I'm running Ubuntu 22.04.2 LTS on a supermicro system with the following configuration:
- Intel Xeon Gold 6248R
- 256GB RAM
- Samsung PM1735 NVMe SSD (6,4TB) // (currentfirmware: EPK98B5Q)
- XFS filesystem
TRIM causes a consistent freeze of the whole machine every time it is executed by the fstrim.timer. Also the large trimmed amounts are concerning each time. Monitoring the fstrim output via fstrim -v is not possible, since I don't want to cause another freeze by running it manually. Here's the journal output:
Apr 20 00:48:35 hostname fstrim[1361579]: /mnt: 3.8 TiB (4144756957184 bytes) trimmed on /dev/nvme0n1
Running hdparm -I /dev/sdx doesn't seem to have a useful output:
root@hostname ~ # hdparm -I /dev/nvme0n1
/dev/nvme0n1:
I've read different guides on how to check, if fstrim is supported by the NVME. I'd like to simply disable it, but I'm not sure of the consequences. Should it ever be disabled?

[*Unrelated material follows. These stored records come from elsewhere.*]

(* $\pi_3(\tau)([u])=-[L]$ in $\pi_3(SO)$, where $[u]\in\pi_3(U)$.
   Context: Identify $\mathbb{H}=\mathbb{R}^4=\mathbb{C}^2$ via $q=a+bi+cj+dk=z+wj\leftrightarrow(a,b,c,d)\leftrightarrow(z,w)$ with $z=a+bi$, $w=c+di$, and $S^3$ with the unit quaternions. $u:S^3\to U(2)$, $u_q=\begin{pmatrix}z&-\bar w\\ w&\bar z\end{pmatrix}$ for $q=z+wj$ (the complex matrix of right multiplication $p\mapsto pq$). $L:S^3\to SO(4)$ sends $q$ to the real matrix of left multiplication $p\mapsto qp$. These are composed with the stable inclusions $U(2)\subset U$, $SO(4)\subset SO$. $\tau:U\to SO$ is the map replacing each complex entry $a+bi$ by the real block $\begin{pmatrix}a&-b\\ b&a\end{pmatrix}$. It is known that $\pi_3(U)=\mathbb{Z}\langle[u]\rangle$ and $\pi_3(SO)=\mathbb{Z}\langle[L]\rangle$. *)

From HB Require Import structures.
From mathcomp Require Import all_boot all_order all_algebra.
From mathcomp Require Import all_classical all_reals all_analysis.
From mathcomp Require Import complex.
Set Implicit Arguments. Unset Strict Implicit. Unset Printing Implicit Defensive.
Import Order.TTheory GRing.Theory Num.Theory.
Import numFieldNormedType.Exports.
Local Open Scope ring_scope.
Local Open Scope classical_set_scope.

(* Quaternions q = a + b i + c j + d k are represented by their real
   coordinate row vectors (a, b, c, d) : 'rV[R]_4. *)
Section Quat.
Variable R : realType.

Definition qa (q : 'rV[R]_4) := q 0 (inord 0).
Definition qb (q : 'rV[R]_4) := q 0 (inord 1).
Definition qc (q : 'rV[R]_4) := q 0 (inord 2).
Definition qd (q : 'rV[R]_4) := q 0 (inord 3).

Definition mkq (a b c d : R) : 'rV[R]_4 :=
  \row_(i < 4) [:: a; b; c; d]`_i.

(* Hamilton product (i^2 = j^2 = k^2 = ijk = -1). *)
Definition qmul (p q : 'rV[R]_4) : 'rV[R]_4 :=
  mkq (qa p * qa q - qb p * qb q - qc p * qc q - qd p * qd q)
      (qa p * qb q + qb p * qa q + qc p * qd q - qd p * qc q)
      (qa p * qc q - qb p * qd q + qc p * qa q + qd p * qb q)
      (qa p * qd q + qb p * qc q - qc p * qb q + qd p * qa q).

Definition S3 : set 'rV[R]_4 := [set q | \sum_(i < 4) q 0 i ^+ 2 = 1].

Definition qone : 'rV[R]_4 := mkq 1 0 0 0.

(* L q : the real 4x4 matrix of left multiplication p |-> q p in the basis
   1, i, j, k (column j is the coordinate vector of q * e_j). *)
Definition Lmat (q : 'rV[R]_4) : 'M[R]_4 :=
  \matrix_(i < 4, j < 4) qmul q (delta_mx 0 j) 0 i.

(* u_q = [[z, -conj w], [w, conj z]] with q = z + w j, z = a + b i,
   w = c + d i. *)
Definition umat (q : 'rV[R]_4) : 'M[R[i]]_2 :=
  let z : R[i] := (qa q +i* qb q)%C in
  let w : R[i] := (qc q +i* qd q)%C in
  \matrix_(i < 2, j < 2)
    match val i, val j with
    | 0, 0 => z | 0, _ => - (w^*)%C | _, 0 => w | _, _ => (z^*)%C end.

(* tau : replaces each complex entry x + y i by the real block
   [[x, -y], [y, x]]; real index 2 a + r corresponds to complex index a
   and to the real (r = 0) / imaginary (r = 1) part. *)
Definition realify (x : R[i]) : 'M[R]_2 :=
  \matrix_(r < 2, s < 2)
    match val r, val s with
    | 0, 0 => complex.Re x | 0, _ => - complex.Im x
    | _, 0 => complex.Im x | _, _ => complex.Re x end.

Definition tau n (A : 'M[R[i]]_n.+1) : 'M[R]_(n.+1 * 2) :=
  \matrix_(i < n.+1 * 2, j < n.+1 * 2)
    realify (A (inord (i %/ 2)) (inord (j %/ 2))) (inord (i %% 2)) (inord (j %% 2)).

Definition stab n k (A : 'M[R]_n) : 'M[R]_(n + k) := block_mx A 0 0 1%:M.

Definition inSO N (A : 'M[R]_N) : Prop := A^T *m A = 1%:M /\ \det A = 1.

(* Two based maps f, g : S^3 -> SO(4) represent the same element of the
   stable group pi_3(SO) iff, for some k, their stabilisations in SO(4+k)
   are based-homotopic through maps S^3 -> SO(4+k). *)
Definition stably_based_homotopic (f g : 'rV[R]_4 -> 'M[R]_4) : Prop :=
  exists k : nat, exists H : R * 'rV[R]_4 -> 'M[R]_(4 + k),
    {within `[0, 1] `*` S3, continuous H} /\
    (forall q, S3 q -> H (0, q) = stab k (f q)) /\
    (forall q, S3 q -> H (1, q) = stab k (g q)) /\
    (forall t, t \in `[0, 1] -> H (t, qone) = 1%:M) /\
    (forall t q, t \in `[0, 1] -> S3 q -> inSO (H (t, q))).

End Quat.

From HB Require Import structures.
From mathcomp Require Import all_boot all_order all_algebra.
From mathcomp Require Import all_classical all_reals all_analysis.
From mathcomp Require Import complex.
From mathcomp Require Import ring.
Set Implicit Arguments. Unset Strict Implicit. Unset Printing Implicit Defensive.
Import Order.TTheory GRing.Theory Num.Theory.
Import numFieldNormedType.Exports.
Local Open Scope ring_scope.
Local Open Scope classical_set_scope.

(* Realification sends u_q to the real matrix R_q of right multiplication
   p |-> p q. Conjugating R_q by the quaternion conjugation C = diag(1,-1,-1,-1)
   gives left multiplication by the conjugate of q, i.e. L_q^-1 on S^3.  The
   matrix C has determinant -1, but diag(C, -1) lies in SO(5) and is joined to
   the identity by the path P_t = diag(1, rot(pi t), rot(pi t)); hence
   (t, q) |-> P_t diag(R_q, 1) P_t^T is a based homotopy in SO(5) from the
   stabilisation of tau(u) to that of L^-1. *)

Lemma continuous_fst_comp (U V W : topologicalType) (g : U -> W) :
  continuous g -> continuous (fun p : U * V => g p.1).
Proof.
move=> gcont [u v]; apply: (@continuous_comp _ _ _ fst g); last exact: gcont.
exact: (@cvg_fst _ _ (nbhs u) (nbhs v)).
Qed.

Lemma continuous_snd_comp (U V W : topologicalType) (g : V -> W) :
  continuous g -> continuous (fun p : U * V => g p.2).
Proof.
move=> gcont [u v]; apply: (@continuous_comp _ _ _ snd g); last exact: gcont.
exact: (@cvg_snd _ _ (nbhs u) (nbhs v)).
Qed.

Section MatrixContinuity.
Variables (R : realType) (T : topologicalType).

Lemma continuous_sum (I : Type) (r : seq I) (F : I -> T -> R) :
  (forall k, continuous (F k)) -> continuous (fun x => \sum_(k <- r) F k x).
Proof.
move=> Fcont; elim: r => [|k r IHr].
  by under eq_fun do rewrite big_nil; exact: cst_continuous.
under eq_fun do rewrite big_cons.
by move=> x; apply: continuousD; [exact: Fcont | exact: IHr].
Qed.

Lemma continuous_mx m n (f : T -> 'M[R]_(m, n)) :
  (forall i j, continuous (fun x => f x i j)) -> continuous f.
Proof.
move=> fcont x A [P Pnbhs sPA].
have : \forall y \near x, forall ij : 'I_m * 'I_n, P ij.1 ij.2 (f y ij.1 ij.2).
  by apply: filter_forall => -[i j]; exact: fcont.
by apply: filterS => y Py; apply: sPA => i j; exact: (Py (i, j)).
Qed.

Lemma continuous_mxE m n (f : T -> 'M[R]_(m, n)) i j :
  continuous f -> continuous (fun x => f x i j).
Proof.
move=> fcont x.
exact: (continuous_comp (fcont x) (@coord_continuous R m n i j (f x))).
Qed.

Lemma continuous_mulmx m n p (f : T -> 'M[R]_(m, n)) (g : T -> 'M[R]_(n, p)) :
  continuous f -> continuous g -> continuous (fun x => f x *m g x).
Proof.
move=> fcont gcont; apply: continuous_mx => i j.
under eq_fun do rewrite mxE.
apply: continuous_sum => k x.
by apply: continuousM; apply: continuous_mxE.
Qed.

Lemma continuous_trmx m n (f : T -> 'M[R]_(m, n)) :
  continuous f -> continuous (fun x => (f x)^T).
Proof.
move=> fcont; apply: continuous_mx => i j.
by under eq_fun do rewrite mxE; exact: continuous_mxE.
Qed.

End MatrixContinuity.

Section SpecialOrthogonal.
Variable R : realType.

Lemma orthogonal_conj n (P A : 'M[R]_n) :
  P^T *m P = 1%:M -> A^T *m A = 1%:M ->
  (P *m A *m P^T)^T *m (P *m A *m P^T) = 1%:M.
Proof.
move=> PtP AtA; rewrite !trmx_mul trmxK !mulmxA -(mulmxA _ P^T P) PtP mulmx1.
by rewrite -(mulmxA P) AtA mulmx1 mulmx1C.
Qed.

Lemma inSO_conj n (P A : 'M[R]_n) :
  P^T *m P = 1%:M -> inSO A -> inSO (P *m A *m P^T).
Proof.
move=> PtP [AtA detA]; split; first exact: orthogonal_conj.
by rewrite !det_mulmx detA mulr1 -det_mulmx (mulmx1C PtP) det1.
Qed.

Lemma inSO_stab n k (A : 'M[R]_n) : inSO A -> inSO (stab k A).
Proof.
move=> [AtA detA]; split; last by rewrite det_ublock detA det1 mulr1.
rewrite /stab tr_block_mx !trmx0 trmx1 mulmx_block.
by rewrite !mulmx0 !mul0mx !addr0 !add0r mulmx1 AtA -scalar_mx_block.
Qed.

Lemma stab_conj_block n k (P A : 'M[R]_n) :
  block_mx P 0 0 (- 1%:M) *m stab k A *m (block_mx P 0 0 (- 1%:M))^T
  = stab k (P *m A *m P^T).
Proof.
rewrite /stab tr_block_mx !trmx0 linearN /= trmx1 !mulmx_block.
rewrite !mulmx0 !mul0mx !addr0 !add0r !mulmx1.
by rewrite !mul0mx mulNmx mulmxN mulmx1 opprK.
Qed.

Lemma continuous_stab n k : continuous (@stab R n k).
Proof.
move=> A; apply: continuous_mx => i j {A}; rewrite /stab.
case: (split_ordP i) => i' ->; case: (split_ordP j) => j' ->.
- by under eq_fun do rewrite block_mxEul; exact: coord_continuous.
- by under eq_fun do rewrite block_mxEur mxE; exact: cst_continuous.
- by under eq_fun do rewrite block_mxEdl mxE; exact: cst_continuous.
- by under eq_fun do rewrite block_mxEdr; exact: cst_continuous.
Qed.

End SpecialOrthogonal.

Lemma det_mx33 (R : comNzRingType) (M : 'M[R]_3) :
  \det M = M 0 0 * (M 1 1 * M 2 2 - M 1 2 * M 2 1)
         - M 0 1 * (M 1 0 * M 2 2 - M 1 2 * M 2 0)
         + M 0 2 * (M 1 0 * M 2 1 - M 1 1 * M 2 0).
Proof.
do 3 rewrite ?(expand_det_row _ ord0) ?big_ord_recl ?big_ord0 /cofactor ?mxE.
(* Index the entries by nat so that [/=] can evaluate the lifted ordinals. *)
set f := fun a b : nat => M (inord a) (inord b).
have ME i j : M i j = f i j by rewrite /f !inord_val.
by rewrite !det_mx00 !ME /=; ring.
Qed.

Definition mx_of_rows {R : nmodType} {m n} (rows : seq (seq R))
  : 'M[R]_(m, n) :=
  \matrix_(i, j) nth 0 (nth [::] rows i) j.

Section QuaternionMatrices.
Variable R : realType.
Implicit Type q : 'rV[R]_4.

Definition rmul_mx q : 'M[R]_4 :=
  let a := qa q in let b := qb q in let c := qc q in let d := qd q in
  mx_of_rows [:: [:: a; -b; -c; -d]; [:: b; a; d; -c];
                 [:: c; -d; a; b];   [:: d; c; -b; a]].

Definition qconj_mx : 'M[R]_4 :=
  mx_of_rows [:: [:: 1; 0; 0; 0]; [:: 0; -1; 0; 0];
                 [:: 0; 0; -1; 0]; [:: 0; 0; 0; -1]].

Definition qnorm2 q := qa q ^+ 2 + qb q ^+ 2 + qc q ^+ 2 + qd q ^+ 2.

Lemma sum_ord4 (F : 'I_4 -> R) :
  \sum_(i < 4) F i = F (inord 0) + F (inord 1) + F (inord 2) + F (inord 3).
Proof.
rewrite !big_ord_recl big_ord0 addr0 !addrA.
by congr (_ + _ + _ + _); congr F; apply/val_inj; rewrite /= inordK.
Qed.

Lemma S3_qnorm2 q : S3 q -> qnorm2 q = 1.
Proof. by rewrite /S3 /= sum_ord4. Qed.

Lemma tau_umat q : tau (umat q) = rmul_mx q.
Proof.
apply/matrixP => i j; rewrite !mxE.
case: i => [[|[|[|[|i]]]] Hi] //; case: j => [[|[|[|[|j]]]] Hj] //;
  by rewrite /= ?mxE /= ?inordK //= ?mxE /= ?inordK //= ?mxE ?opprK.
Qed.

Lemma rmul_mx_tr_mul q : (rmul_mx q)^T *m rmul_mx q = (qnorm2 q)%:M.
Proof.
apply/matrixP => i j; rewrite !mxE sum_ord4 !mxE /qnorm2.
case: i => [[|[|[|[|i]]]] Hi] //; case: j => [[|[|[|[|j]]]] Hj] //;
  rewrite /= ?inordK //= ?mxE /=; ring.
Qed.

Lemma det_rmul_mx q : \det (rmul_mx q) = qnorm2 q ^+ 2.
Proof.
rewrite (expand_det_row _ ord0) !big_ord_recl big_ord0 /cofactor !det_mx33.
by rewrite !mxE /= /qnorm2; ring.
Qed.

Lemma qconj_mx_tr_mul : qconj_mx^T *m qconj_mx = 1%:M.
Proof.
apply/matrixP => i j; rewrite !mxE sum_ord4 !mxE.
case: i => [[|[|[|[|i]]]] Hi] //; case: j => [[|[|[|[|j]]]] Hj] //;
  rewrite /= ?inordK //= ?mxE /=; ring.
Qed.

(* C R_q C is the matrix of p |-> conj (conj p * q) = conj q * p. *)
Lemma Lmat_tr q : (Lmat q)^T = qconj_mx *m rmul_mx q *m qconj_mx^T.
Proof.
apply/matrixP => i j; rewrite !mxE !sum_ord4 !mxE !sum_ord4 !mxE.
case: i => [[|[|[|[|i]]]] Hi] //; case: j => [[|[|[|[|j]]]] Hj] //;
  rewrite /qmul /mkq /= ?inordK //= ?mxE /= /qa /qb /qc /qd ?mxE /=;
  rewrite -?val_eqE /= ?inordK //=; ring.
Qed.

Lemma rmul_mx_inSO q : S3 q -> inSO (rmul_mx q).
Proof.
move=> /S3_qnorm2 q1.
by split; rewrite ?rmul_mx_tr_mul ?det_rmul_mx q1 ?expr1n.
Qed.

Lemma invmx_Lmat q : S3 q -> invmx (Lmat q) = (Lmat q)^T.
Proof.
move=> /rmul_mx_inSO [RtR _].
have LLt : Lmat q *m (Lmat q)^T = 1%:M.
  by rewrite -{1}(trmxK (Lmat q)) Lmat_tr orthogonal_conj ?qconj_mx_tr_mul.
have [Lunit _] := mulmx1_unit LLt.
by rewrite -[RHS](mulKmx Lunit) LLt mulmx1.
Qed.

Lemma rmul_mx_qone : rmul_mx (qone R) = 1%:M.
Proof.
apply/matrixP => i j; rewrite !mxE /qa /qb /qc /qd /qone /mkq.
by case: i => [[|[|[|[|i]]]] Hi] //; case: j => [[|[|[|[|j]]]] Hj] //=;
  rewrite !mxE ?inordK //= ?oppr0.
Qed.

Lemma continuous_rmul_mx : continuous rmul_mx.
Proof.
move=> q; apply: continuous_mx => i j {q}; under eq_fun do rewrite mxE.
case: i => [[|[|[|[|i]]]] Hi] //; case: j => [[|[|[|[|j]]]] Hj] //=;
  rewrite /qa /qb /qc /qd;
  first [exact: coord_continuous
        | by move=> q; apply: continuousN; exact: coord_continuous].
Qed.

End QuaternionMatrices.

Section RotationPath.
Variable R : realType.

Definition rot_path (t : R) : 'M[R]_(4 + 1) :=
  let c := cos (pi * t) in let s := sin (pi * t) in
  mx_of_rows [:: [:: 1; 0; 0; 0; 0]; [:: 0; c; -s; 0; 0]; [:: 0; s; c; 0; 0];
                 [:: 0; 0; 0; c; -s]; [:: 0; 0; 0; s; c]].

Lemma sum_ord5 (F : 'I_(4 + 1) -> R) :
  \sum_(i < 4 + 1) F i
  = F (inord 0) + F (inord 1) + F (inord 2) + F (inord 3) + F (inord 4).
Proof.
rewrite !big_ord_recl big_ord0 addr0 !addrA.
by congr (_ + _ + _ + _ + _); congr F; apply/val_inj; rewrite /= inordK.
Qed.

Lemma rot_path_tr_mul t : (rot_path t)^T *m rot_path t = 1%:M.
Proof.
have cs1 := cos2Dsin2 (pi * t).
apply/matrixP => i j; rewrite !mxE sum_ord5 !mxE.
case: i => [[|[|[|[|[|i]]]]] Hi] //; case: j => [[|[|[|[|[|j]]]]] Hj] //;
  rewrite /= ?inordK //= ?mxE /=; first [ring | rewrite -[RHS]cs1; ring].
Qed.

Lemma rot_path0 : rot_path 0 = 1%:M.
Proof.
apply/matrixP => i j; rewrite !mxE mulr0 cos0 sin0 oppr0.
by case: i => [[|[|[|[|[|i]]]]] Hi] //; case: j => [[|[|[|[|[|j]]]]] Hj].
Qed.

Lemma rot_path1 : rot_path 1 = block_mx (qconj_mx R) 0 0 (- 1%:M).
Proof.
apply/matrixP => i j; rewrite [LHS]mxE mulr1 cospi sinpi oppr0.
case: (split_ordP i) => i' ->; case: (split_ordP j) => j' ->;
  rewrite ?block_mxEul ?block_mxEur ?block_mxEdl ?block_mxEdr !mxE /=.
- by case: i' => [[|[|[|[|k]]]] Hk] //; case: j' => [[|[|[|[|l]]]] Hl].
- by case: i' => [[|[|[|[|k]]]] Hk] //; case: j' => [[|[|l]] Hl].
- by case: i' => [[|[|k]] Hk] //; case: j' => [[|[|[|[|l]]]] Hl].
- by case: i' => [[|[|k]] Hk] //; case: j' => [[|[|l]] Hl].
Qed.

Lemma continuous_rot_path : continuous rot_path.
Proof.
have pi_mul : continuous (fun t : R => pi * t).
  move=> t; apply: (@continuousM _ _ (cst pi) idfun).
    exact: cst_continuous.
  exact: cvg_id.
have cos_pi : continuous (fun t : R => cos (pi * t)).
  move=> t; apply: (@continuous_comp _ _ _ _ cos); first exact: pi_mul.
  exact: continuous_cos.
have sin_pi : continuous (fun t : R => sin (pi * t)).
  move=> t; apply: (@continuous_comp _ _ _ _ sin); first exact: pi_mul.
  exact: continuous_sin.
move=> t; apply: continuous_mx => i j {t}; under eq_fun do rewrite mxE.
case: i => [[|[|[|[|[|i]]]]] Hi] //; case: j => [[|[|[|[|[|j]]]]] Hj] //=;
  first [exact: cst_continuous | exact: cos_pi | exact: sin_pi
        | by move=> t; apply: continuousN; exact: sin_pi].
Qed.

End RotationPath.

Theorem proposition4p4 (R : realType) :
  stably_based_homotopic (fun q : 'rV[R]_4 => tau (umat q))
                         (fun q : 'rV[R]_4 => invmx (Lmat q)).
Proof.
exists 1%N, (fun p : R * 'rV[R]_4 =>
  rot_path p.1 *m stab 1 (rmul_mx p.2) *m (rot_path p.1)^T).
have rot_cont : continuous (fun p : R * 'rV[R]_4 => rot_path p.1).
  exact: continuous_fst_comp (@continuous_rot_path R).
have stab_cont : continuous (fun p : R * 'rV[R]_4 => stab 1 (rmul_mx p.2)).
  apply: (continuous_snd_comp (g := fun q => stab 1 (rmul_mx q))) => q.
  exact: continuous_comp (@continuous_rmul_mx R q) (@continuous_stab R 4 1 _).
split.
  apply/continuous_subspaceT/continuous_mulmx; last exact: continuous_trmx.
  exact: continuous_mulmx.
split; first by move=> q _; rewrite /= rot_path0 trmx1 mul1mx mulmx1 tau_umat.
split.
  by move=> q q1; rewrite /= rot_path1 stab_conj_block -Lmat_tr invmx_Lmat.
split.
  move=> t _; rewrite /= rmul_mx_qone /stab -scalar_mx_block mulmx1.
  exact: mulmx1C (rot_path_tr_mul t).
move=> t q _ q1; apply: inSO_conj; first exact: rot_path_tr_mul.
by apply: inSO_stab; exact: rmul_mx_inSO.
Qed.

EDIT: After a lot of testing and monitoring, we have come to the conclusion that the TRIM operation is not the main cause of this problem, but instead the effect of it. The system is running LXD virtualization with an I/O usage of constantly 85% - 99%, writing only 70mb/s and reading 5-10mb/s. When TRIM starts, the system crashes as a result of the NVMe being stressed out.
Using iotop and atop [-Ddp] showed that glusterfs is causing these high I/O numbers. After searching for hours, I couldn't find anything near close to this issue. Every other thread on the internet kept discussing the networking aspect.
We compared the mentioned LXD system with a host that uses OpenVZ containering running the same configuration. No I/O issues whatsoever.
Any ideas on how to tweak the gluster performance?